Task material
(* e* is smaller than all labels: it is uncovered, hence a candidate for
   every maximum defining the e_j, and differs from every e_j. *)
Lemma top_uncovered_lt m (fe : FE m) j : in_Tm fe -> (top_uncovered fe < fe.2 j)%N.
Proof.
case/in_TmP=> _ _ fl _ /(_ j)[ej_in /andP[_ /forall_inP ej_max]].
have /andP[+ _] := top_uncoveredP fl; rewrite inE => top_unc.
have sub j' : FG (fe.1 j') \subset flag_cover fe.1 by exact: (bigcup_sup j').
rewrite ltn_neqAle ej_max ?andbT.
  by apply: contraNneq top_unc => /val_inj ->; apply: subsetP (sub j) _ ej_in.
by rewrite inE; apply: contra top_unc => /bigcupP[j' _]; apply/subsetP/sub.
Qed.

Lemma top_uncovered_notin m (fe : FE m) b :
  in_Tm fe -> top_uncovered fe \in FG b -> b \notin flag fe.1.
Proof.
case/in_TmP=> _ _ fl _ _ top_b; have /andP[+ _] := top_uncoveredP fl.
rewrite inE; apply: contra => /imsetP[j _ eq_b].
by apply/bigcupP; exists j; rewrite -?eq_b.
Qed.

Definition drop_at m (k : 'I_m.+1) (g : FE m.+1) : FE m :=
  ([ffun j => g.1 (lift k j)], [ffun j => g.2 (lift k j)]).

Definition insert_at m (k : 'I_m.+1) (fe : FE m) (b : B) (x : E) : FE m.+1 :=
  (ins_fun k fe.1 b, ins_fun k fe.2 x).

Lemma drop_insert m k (fe : FE m) b x : drop_at k (insert_at k fe b x) = fe.
Proof.
by rewrite [RHS]surjective_pairing; congr pair; apply/ffunP => j; rewrite ffunE ins_fun_lift.
Qed.

Lemma insert_drop m k (g : FE m.+1) : insert_at k (drop_at k g) (g.1 k) (g.2 k) = g.
Proof.
rewrite [RHS]surjective_pairing; congr pair; apply/ffunP => i;
  by case: (unliftP k i) => [j ->|->]; rewrite ?ins_fun_lift ?ins_fun_at ?ffunE.
Qed.

Definition min_at m (g : FE m.+1) (k : 'I_m.+1) : Prop :=
  forall j, (g.2 k < g.2 (lift k j))%N.

Lemma uncovered_above_drop m (g : FE m.+1) k j :
  min_at g k -> uncovered_above g (lift k j) = uncovered_above (drop_at k g) j.
Proof.
move=> g_min; rewrite /uncovered_above (big_ord_lift _ k) ltnNge ltnW //= set0U.
by congr (~: _); apply: eq_big => [j'|j' _]; rewrite !ffunE.
Qed.

Lemma uncovered_above_min m (g : FE m.+1) k :
  min_at g k -> uncovered_above g k = ~: flag_cover (drop_at k g).1.
Proof.
move=> g_min; rewrite /uncovered_above (big_ord_lift _ k) ltnn /= set0U.
by congr (~: _); apply: eq_big => [j|j _]; rewrite ?ffunE ?g_min.
Qed.

Lemma in_Tm_drop m (g : FE m.+1) k : in_Tm g -> min_at g k -> in_Tm (drop_at k g).
Proof.
move=> /in_TmP[f_inj f_mono fl e_inj e_max] g_min; apply/in_TmP; split.
- by move=> j1 j2; rewrite !ffunE => /f_inj/lift_inj.
- by move=> j1 j2 le_j; rewrite !ffunE; apply: f_mono; rewrite leq_lift2.
- by apply: biflag_sub fl; rewrite (flag_lift _ k) subsetUr.
- by move=> j1 j2; rewrite !ffunE => /e_inj/lift_inj.
- by move=> j; rewrite -uncovered_above_drop // !ffunE; apply: e_max.
Qed.

Lemma top_uncovered_drop m (g : FE m.+1) k :
  in_Tm g -> min_at g k -> top_uncovered (drop_at k g) = g.2 k.
Proof.
move=> /in_TmP[_ _ _ _ /(_ k)[_ gk_max]] g_min.
by apply: max_eltE; rewrite -uncovered_above_min.
Qed.

Lemma insert_mono m (k : 'I_m.+1) (f : {ffun 'I_m -> B}) b :
  {homo f : i j / (i <= j)%N >-> ble i j} ->
  (forall j : 'I_m, (j < k)%N -> ble (f j) b) ->
  (forall j : 'I_m, (k <= j)%N -> ble b (f j)) ->
  {homo ins_fun k f b : i j / (i <= j)%N >-> ble i j}.
Proof.
move=> f_mono below above i1 i2.
case: (unliftP k i1) => [j1 ->|->]; case: (unliftP k i2) => [j2 ->|->];
  rewrite ?ins_fun_lift ?ins_fun_at ?ble_refl // => le_i.
- by apply: f_mono; rewrite -(leq_lift2 k).
- by apply: below; move: le_i; rewrite /= /bump; case: leqP; lia.
- by apply: above; move: le_i; rewrite /= /bump; case: leqP; lia.
Qed.

Lemma in_Tm_insert m (k : 'I_m.+1) (fe : FE m) b :
  in_Tm fe -> top_uncovered fe \in FG b -> is_biflag (b |: flag fe.1) ->
  (forall j : 'I_m, (j < k)%N -> ble (fe.1 j) b) ->
  (forall j : 'I_m, (k <= j)%N -> ble b (fe.1 j)) ->
  in_Tm (insert_at k fe b (top_uncovered fe)).
Proof.
move=> fe_T top_b fl below above.
have top_lt := top_uncovered_lt _ fe_T.
have b_notin := top_uncovered_notin fe_T top_b.
have g_min : min_at (insert_at k fe b (top_uncovered fe)) k.
  by move=> j; rewrite /= ins_fun_at ins_fun_lift.
have /in_TmP[f_inj f_mono _ e_inj e_max] := fe_T.
apply/in_TmP; split.
- apply: ins_fun_inj => // j; apply: contraNneq b_notin => <-.
  exact: imset_f.
- exact: insert_mono.
- rewrite (flag_lift _ k) /= ins_fun_at (_ : [ffun j => _] = fe.1) //.
  by apply/ffunP => j; rewrite ffunE ins_fun_lift.
- by apply: ins_fun_inj => // j; rewrite neq_ltn top_lt orbT.
- move=> i; case: (unliftP k i) => [j ->|->].
    by rewrite uncovered_above_drop // drop_insert /= !ins_fun_lift.
  rewrite uncovered_above_min // drop_insert /= !ins_fun_at.
  by split; last exact: top_uncoveredP (biflag_sub (subsetUr _ _) fl).
Qed.

Definition argmin_label m (g : FE m.+1) : 'I_m.+1 := [arg min_(i < ord0) (g.2 i : nat)].

Lemma argmin_label_min m (g : FE m.+1) : injective g.2 -> min_at g (argmin_label g).
Proof.
move=> e_inj j; rewrite /argmin_label; case: arg_minnP => // k _ k_min.
rewrite ltn_neqAle k_min // andbT; apply: contra_neq (neq_lift k j) => /val_inj.
exact: e_inj.
Qed.

Lemma argmin_labelE m (g : FE m.+1) k : min_at g k -> argmin_label g = k.
Proof.
move=> g_min; rewrite /argmin_label; case: arg_minnP => // i _ i_min.
case: (unliftP k i) => [j eq_i|//]; have := i_min k isT.
by rewrite eq_i leqNgt g_min.
Qed.

Definition ins_pos m (f : {ffun 'I_m -> B}) (b : B) : 'I_m.+1 :=
  inord (\sum_(j < m) (blt (f j) b : nat)).

Lemma ins_posE m (f : {ffun 'I_m -> B}) b :
  {homo f : i j / (i <= j)%N >-> ble i j} -> (forall j, f j != b) ->
  forall j, blt (f j) b = (j < ins_pos f b)%N.
Proof.
move=> f_mono f_b j; rewrite /ins_pos inordK ?ltnS ?sum_ord_pred_le //.
apply: (downward_closed_segment (Q := fun j => blt (f j) b)) => j1 j2 le_j /andP[_ f1b].
by rewrite /blt f_b (ble_trans (f_mono _ _ le_j) f1b).
Qed.

Lemma ins_pos_drop m (g : FE m.+1) k :
  injective g.1 -> {homo g.1 : i j / (i <= j)%N >-> ble i j} ->
  ins_pos (drop_at k g).1 (g.1 k) = k.
Proof.
move=> f_inj f_mono; have neq_k j : g.1 (lift k j) != g.1 k.
  by apply: contra_neq (neq_lift k j) => /f_inj.
have le_km : (k <= m)%N by rewrite -ltnS.
rewrite /ins_pos -[RHS]inord_val; congr inord.
rewrite -[RHS](minn_idPr le_km) -sum_ord_lt; apply: eq_bigr => j _; congr nat_of_bool.
rewrite ffunE /blt neq_k /=; case: (ltnP j k) => [lt_jk|le_kj].
  by apply: f_mono; apply: ltnW; rewrite lift_ltE.
apply/negbTE/negP => le_jk.
have le_k : (k <= lift k j)%N by rewrite leqNgt lift_ltE -leqNgt.
by have := neq_k j; rewrite (ble_anti le_jk (f_mono _ _ le_k)) eqxx.
Qed.

Definition extendable m (p : FE m * B) : bool :=
  [&& in_Tm p.1, top_uncovered p.1 \in FG p.2 & is_biflag (p.2 |: flag p.1.1)].

Definition extend m (p : FE m * B) : FE m.+1 :=
  insert_at (ins_pos p.1.1 p.2) p.1 p.2 (top_uncovered p.1).

Definition restrict m (g : FE m.+1) : FE m * B :=
  (drop_at (argmin_label g) g, g.1 (argmin_label g)).

Lemma restrictK m (g : FE m.+1) :
  in_Tm g -> extendable (restrict g) /\ extend (restrict g) = g.
Proof.
move=> g_T; have /in_TmP[f_inj f_mono fl e_inj e_max] := g_T.
set k := argmin_label g; have g_min : min_at g k := argmin_label_min e_inj.
have top_k := top_uncovered_drop g_T g_min.
split.
  apply/and3P; split => /=; first exact: in_Tm_drop.
    by rewrite top_k; case: (e_max k).
  by rewrite -flag_lift.
by rewrite /extend /= top_k ins_pos_drop // insert_drop.
Qed.

Lemma extendK m (p : FE m * B) :
  extendable p -> in_Tm (extend p) /\ restrict (extend p) = p.
Proof.
case: p => fe b /and3P[/= fe_T top_b fl]; have /in_TmP[_ f_mono _ _ _] := fe_T.
have f_b j : fe.1 j != b.
  apply: contraNneq (top_uncovered_notin fe_T top_b) => <-; exact: imset_f.
set k := ins_pos fe.1 b; have below := ins_posE f_mono f_b.
have above (j : 'I_m) : (k <= j)%N -> ble b (fe.1 j).
  move=> le_kj; have fj : fe.1 j \in flag fe.1 by apply/imsetP; exists j.
  have := biflag_chain fl (setU11 _ _) (setU1r b fj).
  by case/orP=> // le_jb; move: le_kj; rewrite leqNgt -below /blt f_b le_jb.
have g_T : in_Tm (extend (fe, b)).
  by apply: in_Tm_insert => // j; rewrite -below => /andP[].
have g_min : min_at (extend (fe, b)) k.
  by move=> j; rewrite /= ins_fun_at ins_fun_lift top_uncovered_lt.
by split => //; rewrite /restrict (argmin_labelE g_min) drop_insert /= ins_fun_at.
Qed.

Definition Xmon m (fe : FE m) : Spoly M := \prod_(k < m) xv (fe.1 k).

Lemma Xmon_insert m k (fe : FE m) b x : Xmon (insert_at k fe b x) = xv b * Xmon fe.
Proof.
rewrite /Xmon (bigD1_ord k) //= ins_fun_at; congr (_ * _).
by apply: eq_bigr => j _; rewrite ins_fun_lift.
Qed.

Lemma Xmon_flag m (fe : FE m) : injective fe.1 -> Xmon fe = xset (flag fe.1).
Proof. by move=> f_inj; rewrite /xset big_imset //= => x y _ _ /f_inj. Qed.

Lemma sum_Tm_succ m :
  \sum_(g : FE m.+1 | in_Tm g) Xmon g =
  \sum_(p : FE m * B | extendable p) Xmon p.1 * xv p.2.
Proof.
rewrite (reindex_onto (@extend m) (@restrict m)) => [|g g_T]; last first.
  by case: (restrictK g_T).
apply: eq_big => [p|p p_ext]; last by rewrite Xmon_insert mulrC.
apply/andP/idP => [[g_T /eqP <-]|p_ext]; first by case: (restrictK g_T).
by case: (extendK p_ext) => -> ->.
Qed.

Lemma sum_Tm0 : \sum_(fe : FE 0 | in_Tm fe) Xmon fe = 1.
Proof.
have no_ord0 (k : 'I_0) : False by case: k.
have flag0 (f : {ffun 'I_0 -> B}) : flag f = set0.
  by apply/setP => x; rewrite inE; apply/imsetP => -[k]; case: (no_ord0 k).
rewrite (eq_bigl predT) => [|fe]; last first.
  apply/in_TmP; split; try by move=> k; case: (no_ord0 k).
  rewrite flag0; apply/andP; split; first by apply/forall_inP => b; rewrite inE.
  by rewrite big_set0 eq_sym; apply/set0Pn; exists ord0; rewrite inE.
rewrite (eq_bigr (fun _ => 1)) => [|fe _]; last by rewrite /Xmon big_ord0.
by rewrite sumr_const card_prod !card_ffun !card_ord !expn0.
Qed.

Local Notation ideal_IJ := (in_ideal (@IJ_gen n M)).

(* delta_i = gamma_i + gammabar_i - sum_{F, G proper} x_{F|G}, checked on each
   biflat by the truth table of four booleans. *)
Lemma delta_termE (x : Spoly M) (a b c d : bool) :
  a || b -> c ==> a -> d ==> b -> ~~ (c && d) ->
  (if a && b then x else 0) =
  (if a && ~~ c then x else 0) + (if b && ~~ d then x else 0)
  - (if ~~ c && ~~ d then x else 0).
Proof.
by case: a; case: b; case: c; case: d => //= *;
  rewrite ?addr0 ?add0r ?subr0 ?subrr ?addrK ?oppr0.
Qed.

Lemma deltaE (i : E) : delta M i =
  gamma M i + gammabar M i - \sum_(b | (bF b != setT) && (bG b != setT)) xv b.
Proof.
rewrite /delta /gamma /gammabar [LHS]big_mkcond !(big_mkcond _ (fun b => xv b)).
rewrite -big_split -sumrB; apply: eq_bigr => b _; rewrite in_setI.
have /and5P[_ _ _ _ /andP[not_EE /eqP cover]] := valP b.
apply: delta_termE => //; try by apply/implyP => /eqP ->; rewrite inE.
by move/setP/(_ i): cover; rewrite in_setU inE.
Qed.

Lemma delta_diff (i j : E) : ideal_IJ (delta M i - delta M j).
Proof.
have -> : delta M i - delta M j =
    (gamma M i - gamma M j) + (gammabar M i - gammabar M j).
  by rewrite !deltaE; ring.
by apply: idealD; apply: ideal_gen; right; [left|right]; exists i, j.
Qed.

Lemma delta_step m :
  ideal_IJ (\sum_(fe : FE m | in_Tm fe) Xmon fe * delta M (top_uncovered fe)
            - \sum_(g : FE m.+1 | in_Tm g) Xmon g).
Proof.
under eq_bigr => fe _ do rewrite /delta mulr_sumr
  (bigID (fun b => is_biflag (b |: flag fe.1))) /=.
rewrite big_split /= pair_big_dep /= sum_Tm_succ.
rewrite addrAC subrr add0r; apply: ideal_sum => fe fe_T.
apply: ideal_sum => b /andP[top_b not_fl].
apply: ideal_gen; left; exists (b |: flag fe.1); split => //.
have /in_TmP[f_inj _ _ _ _] := fe_T.
by rewrite Xmon_flag // /xset big_setU1 ?(top_uncovered_notin fe_T top_b) //= mulrC.
Qed.

End Biflags.

Theorem mainTheorem7 (n : nat) (M : matroid n)
  (hloops : no_loops M) (hcoloops : no_coloops M) (m : nat) (i : 'I_n.+1) :
  eq_in_A (delta M i ^+ m)
    (\sum_(fe : {ffun 'I_m -> biflat M} * {ffun 'I_m -> 'I_n.+1} | in_Tm fe)
        \prod_(k < m) xv (fe.1 k)).
Proof.
rewrite /eq_in_A; change (in_ideal (@IJ_gen n M)
  (delta M i ^+ m - \sum_(fe : FE M m | in_Tm fe) Xmon fe)).
elim: m => [|m IH]; first by rewrite sum_Tm0 expr0 subrr; exact: ideal0.
set T := \sum_(fe : FE M m | in_Tm fe) Xmon fe.
set T' := \sum_(fe : FE M m.+1 | in_Tm fe) Xmon fe.
set S := \sum_(fe : FE M m | in_Tm fe) Xmon fe * delta M (top_uncovered fe).
(* Modulo I + J: delta^(m+1) = T delta_i = S = T', where S is the sum of
   the x_f delta_{e*(f)}. *)
have T_S : in_ideal (@IJ_gen n M) (T * delta M i - S).
  rewrite mulr_suml -sumrB; apply: ideal_sum => fe _.
  by rewrite -mulrBr; apply: idealMl; exact: delta_diff.
have -> : delta M i ^+ m.+1 - T' =
    (delta M i ^+ m - T) * delta M i + ((T * delta M i - S) + (S - T')).
  by rewrite exprSr; ring.
by apply: idealD; [exact: idealMr | apply: idealD => //; exact: delta_step].
Qed.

Your assignment
With the line that has "apply: ideal_sum => b /andP[top_b not_fl]." as the first and the line that has "(delta M i ^+ m - \sum_(fe" as the last, repeat exactly that run of lines above and no more.

Result of this task
apply: ideal_sum => b /andP[top_b not_fl].
apply: ideal_gen; left; exists (b |: flag fe.1); split => //.
have /in_TmP[f_inj _ _ _ _] := fe_T.
by rewrite Xmon_flag // /xset big_setU1 ?(top_uncovered_notin fe_T top_b) //= mulrC.
Qed.

End Biflags.

Theorem mainTheorem7 (n : nat) (M : matroid n)
  (hloops : no_loops M) (hcoloops : no_coloops M) (m : nat) (i : 'I_n.+1) :
  eq_in_A (delta M i ^+ m)
    (\sum_(fe : {ffun 'I_m -> biflat M} * {ffun 'I_m -> 'I_n.+1} | in_Tm fe)
        \prod_(k < m) xv (fe.1 k)).
Proof.
rewrite /eq_in_A; change (in_ideal (@IJ_gen n M)
  (delta M i ^+ m - \sum_(fe : FE M m | in_Tm fe) Xmon fe)).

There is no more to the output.